Segment Open
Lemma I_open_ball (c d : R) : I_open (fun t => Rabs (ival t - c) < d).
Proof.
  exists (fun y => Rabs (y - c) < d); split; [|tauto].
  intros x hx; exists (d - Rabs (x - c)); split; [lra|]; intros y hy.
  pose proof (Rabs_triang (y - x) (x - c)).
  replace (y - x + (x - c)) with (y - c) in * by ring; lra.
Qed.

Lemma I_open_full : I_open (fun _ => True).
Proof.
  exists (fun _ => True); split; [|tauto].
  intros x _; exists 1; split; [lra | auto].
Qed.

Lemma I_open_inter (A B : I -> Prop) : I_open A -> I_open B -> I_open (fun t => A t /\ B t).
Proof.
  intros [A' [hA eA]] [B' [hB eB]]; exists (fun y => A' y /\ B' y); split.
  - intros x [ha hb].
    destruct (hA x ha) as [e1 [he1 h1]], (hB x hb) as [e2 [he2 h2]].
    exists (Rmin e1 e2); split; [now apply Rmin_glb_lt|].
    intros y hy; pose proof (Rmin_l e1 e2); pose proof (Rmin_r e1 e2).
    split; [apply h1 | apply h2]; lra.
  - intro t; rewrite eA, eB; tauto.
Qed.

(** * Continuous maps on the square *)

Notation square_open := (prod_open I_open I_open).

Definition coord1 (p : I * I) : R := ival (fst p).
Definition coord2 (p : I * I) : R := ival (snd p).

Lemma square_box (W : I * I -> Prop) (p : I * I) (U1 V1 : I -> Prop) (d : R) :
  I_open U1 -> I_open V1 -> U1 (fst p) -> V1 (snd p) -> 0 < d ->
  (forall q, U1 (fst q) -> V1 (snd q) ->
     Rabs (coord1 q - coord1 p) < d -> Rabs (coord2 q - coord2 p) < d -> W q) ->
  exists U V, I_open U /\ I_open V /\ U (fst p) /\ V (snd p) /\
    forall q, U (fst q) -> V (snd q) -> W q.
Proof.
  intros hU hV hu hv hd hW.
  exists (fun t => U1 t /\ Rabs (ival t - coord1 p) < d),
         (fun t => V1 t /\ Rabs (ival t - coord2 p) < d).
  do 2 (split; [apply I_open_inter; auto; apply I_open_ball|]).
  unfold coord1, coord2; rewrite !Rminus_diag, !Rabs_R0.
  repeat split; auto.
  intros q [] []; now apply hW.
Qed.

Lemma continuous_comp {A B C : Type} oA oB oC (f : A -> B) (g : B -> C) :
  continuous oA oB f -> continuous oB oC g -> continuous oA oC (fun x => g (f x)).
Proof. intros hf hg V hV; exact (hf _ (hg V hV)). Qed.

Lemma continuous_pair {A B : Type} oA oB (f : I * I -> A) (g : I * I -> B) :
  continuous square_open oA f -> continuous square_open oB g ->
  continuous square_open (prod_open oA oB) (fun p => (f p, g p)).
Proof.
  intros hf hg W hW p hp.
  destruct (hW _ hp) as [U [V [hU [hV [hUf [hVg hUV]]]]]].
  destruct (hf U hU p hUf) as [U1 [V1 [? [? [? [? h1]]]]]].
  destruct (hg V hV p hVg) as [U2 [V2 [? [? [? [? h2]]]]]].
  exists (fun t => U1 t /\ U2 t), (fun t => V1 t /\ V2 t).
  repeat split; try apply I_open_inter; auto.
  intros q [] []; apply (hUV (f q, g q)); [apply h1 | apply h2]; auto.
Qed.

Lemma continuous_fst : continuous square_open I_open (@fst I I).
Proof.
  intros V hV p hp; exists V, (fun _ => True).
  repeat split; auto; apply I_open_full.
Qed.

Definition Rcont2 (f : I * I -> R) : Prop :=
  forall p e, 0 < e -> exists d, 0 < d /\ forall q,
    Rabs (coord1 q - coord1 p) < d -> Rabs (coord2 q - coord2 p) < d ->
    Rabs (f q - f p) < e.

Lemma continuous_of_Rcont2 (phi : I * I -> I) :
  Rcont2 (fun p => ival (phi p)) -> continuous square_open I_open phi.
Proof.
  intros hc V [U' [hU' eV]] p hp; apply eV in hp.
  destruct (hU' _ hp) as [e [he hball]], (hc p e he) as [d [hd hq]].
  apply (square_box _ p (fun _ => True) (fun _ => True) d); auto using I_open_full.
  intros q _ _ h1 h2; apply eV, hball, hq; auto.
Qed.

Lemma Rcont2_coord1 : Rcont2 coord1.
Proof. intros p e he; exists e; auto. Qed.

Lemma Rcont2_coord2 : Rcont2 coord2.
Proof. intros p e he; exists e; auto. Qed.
Segment Closed
Segment Open
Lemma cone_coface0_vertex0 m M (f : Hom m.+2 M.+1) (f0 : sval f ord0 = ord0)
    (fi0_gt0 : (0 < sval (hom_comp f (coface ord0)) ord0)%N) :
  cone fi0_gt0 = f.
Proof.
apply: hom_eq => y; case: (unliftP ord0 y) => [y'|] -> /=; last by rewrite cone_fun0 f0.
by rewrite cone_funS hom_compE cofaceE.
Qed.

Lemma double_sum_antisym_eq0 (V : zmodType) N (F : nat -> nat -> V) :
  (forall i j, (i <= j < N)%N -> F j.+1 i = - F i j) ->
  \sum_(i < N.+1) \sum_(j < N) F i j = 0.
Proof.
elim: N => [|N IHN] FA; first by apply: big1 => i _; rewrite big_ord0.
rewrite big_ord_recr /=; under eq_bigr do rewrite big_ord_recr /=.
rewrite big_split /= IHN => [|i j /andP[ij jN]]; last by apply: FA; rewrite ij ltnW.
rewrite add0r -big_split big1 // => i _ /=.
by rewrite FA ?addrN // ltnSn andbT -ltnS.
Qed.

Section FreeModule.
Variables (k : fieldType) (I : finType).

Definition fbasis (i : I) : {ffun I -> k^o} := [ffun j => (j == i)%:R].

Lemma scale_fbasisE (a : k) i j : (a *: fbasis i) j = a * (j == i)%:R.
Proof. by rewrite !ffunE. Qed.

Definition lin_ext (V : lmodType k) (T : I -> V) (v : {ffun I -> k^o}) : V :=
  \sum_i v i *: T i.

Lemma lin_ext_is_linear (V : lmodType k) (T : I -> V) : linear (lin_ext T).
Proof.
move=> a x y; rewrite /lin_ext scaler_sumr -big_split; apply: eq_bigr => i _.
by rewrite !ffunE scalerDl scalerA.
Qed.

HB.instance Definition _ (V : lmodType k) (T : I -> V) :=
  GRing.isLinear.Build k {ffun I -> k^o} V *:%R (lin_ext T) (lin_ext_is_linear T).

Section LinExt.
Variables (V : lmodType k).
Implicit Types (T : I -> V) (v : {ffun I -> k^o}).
Segment Closed
Segment Open
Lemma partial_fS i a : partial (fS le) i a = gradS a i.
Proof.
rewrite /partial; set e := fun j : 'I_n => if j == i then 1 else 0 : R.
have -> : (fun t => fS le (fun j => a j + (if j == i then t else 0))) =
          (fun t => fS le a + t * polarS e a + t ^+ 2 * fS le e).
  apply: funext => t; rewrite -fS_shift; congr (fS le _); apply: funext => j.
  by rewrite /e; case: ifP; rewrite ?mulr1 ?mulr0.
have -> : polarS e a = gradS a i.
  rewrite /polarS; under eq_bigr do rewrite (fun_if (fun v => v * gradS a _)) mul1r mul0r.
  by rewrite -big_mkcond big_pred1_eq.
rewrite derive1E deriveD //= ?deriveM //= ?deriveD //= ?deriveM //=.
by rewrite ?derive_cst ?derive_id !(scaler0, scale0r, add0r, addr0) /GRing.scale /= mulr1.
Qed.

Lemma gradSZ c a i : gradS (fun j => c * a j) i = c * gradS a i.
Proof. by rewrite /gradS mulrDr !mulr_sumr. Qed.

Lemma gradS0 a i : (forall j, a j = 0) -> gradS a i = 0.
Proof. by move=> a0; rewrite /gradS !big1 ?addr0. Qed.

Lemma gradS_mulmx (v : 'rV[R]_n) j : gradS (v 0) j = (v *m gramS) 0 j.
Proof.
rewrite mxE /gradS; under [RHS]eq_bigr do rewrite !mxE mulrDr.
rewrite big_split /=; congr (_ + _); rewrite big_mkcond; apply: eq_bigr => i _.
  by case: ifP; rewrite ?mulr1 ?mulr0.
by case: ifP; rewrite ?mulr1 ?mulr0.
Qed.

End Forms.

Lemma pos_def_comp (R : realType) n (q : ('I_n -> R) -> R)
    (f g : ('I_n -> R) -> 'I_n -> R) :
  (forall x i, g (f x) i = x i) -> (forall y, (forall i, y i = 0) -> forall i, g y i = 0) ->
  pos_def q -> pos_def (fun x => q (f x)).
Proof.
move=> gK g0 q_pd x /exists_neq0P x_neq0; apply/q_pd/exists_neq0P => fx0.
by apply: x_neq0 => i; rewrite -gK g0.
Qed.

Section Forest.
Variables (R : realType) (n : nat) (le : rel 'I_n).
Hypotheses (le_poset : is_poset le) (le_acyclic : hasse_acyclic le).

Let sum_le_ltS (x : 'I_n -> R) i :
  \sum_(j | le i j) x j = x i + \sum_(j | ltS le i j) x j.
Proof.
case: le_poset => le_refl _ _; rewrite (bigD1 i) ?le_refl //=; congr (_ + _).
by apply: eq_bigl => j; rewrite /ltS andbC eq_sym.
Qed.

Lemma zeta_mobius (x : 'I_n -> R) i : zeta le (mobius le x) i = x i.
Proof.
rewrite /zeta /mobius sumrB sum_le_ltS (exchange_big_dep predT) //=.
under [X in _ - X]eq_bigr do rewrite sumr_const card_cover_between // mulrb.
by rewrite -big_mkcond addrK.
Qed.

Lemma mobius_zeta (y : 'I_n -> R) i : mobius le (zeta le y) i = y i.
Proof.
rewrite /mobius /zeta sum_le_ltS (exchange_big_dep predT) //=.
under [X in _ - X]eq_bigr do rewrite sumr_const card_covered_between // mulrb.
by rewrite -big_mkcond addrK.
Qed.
Segment Closed
**ASSIGNMENT:** Lines wanted from the listing above: the line with "(** * Continuous maps on the square *)" up to and including the line with "oA oB oC (f". Please write them out exactly, adding nothing else.

**SOLUTION TO THIS EXERCISE:**
(** * Continuous maps on the square *)

Notation square_open := (prod_open I_open I_open).

Definition coord1 (p : I * I) : R := ival (fst p).
Definition coord2 (p : I * I) : R := ival (snd p).

Lemma square_box (W : I * I -> Prop) (p : I * I) (U1 V1 : I -> Prop) (d : R) :
  I_open U1 -> I_open V1 -> U1 (fst p) -> V1 (snd p) -> 0 < d ->
  (forall q, U1 (fst q) -> V1 (snd q) ->
     Rabs (coord1 q - coord1 p) < d -> Rabs (coord2 q - coord2 p) < d -> W q) ->
  exists U V, I_open U /\ I_open V /\ U (fst p) /\ V (snd p) /\
    forall q, U (fst q) -> V (snd q) -> W q.
Proof.
  intros hU hV hu hv hd hW.
  exists (fun t => U1 t /\ Rabs (ival t - coord1 p) < d),
         (fun t => V1 t /\ Rabs (ival t - coord2 p) < d).
  do 2 (split; [apply I_open_inter; auto; apply I_open_ball|]).
  unfold coord1, coord2; rewrite !Rminus_diag, !Rabs_R0.
  repeat split; auto.
  intros q [] []; now apply hW.
Qed.

Lemma continuous_comp {A B C : Type} oA oB oC (f : A -> B) (g : B -> C) :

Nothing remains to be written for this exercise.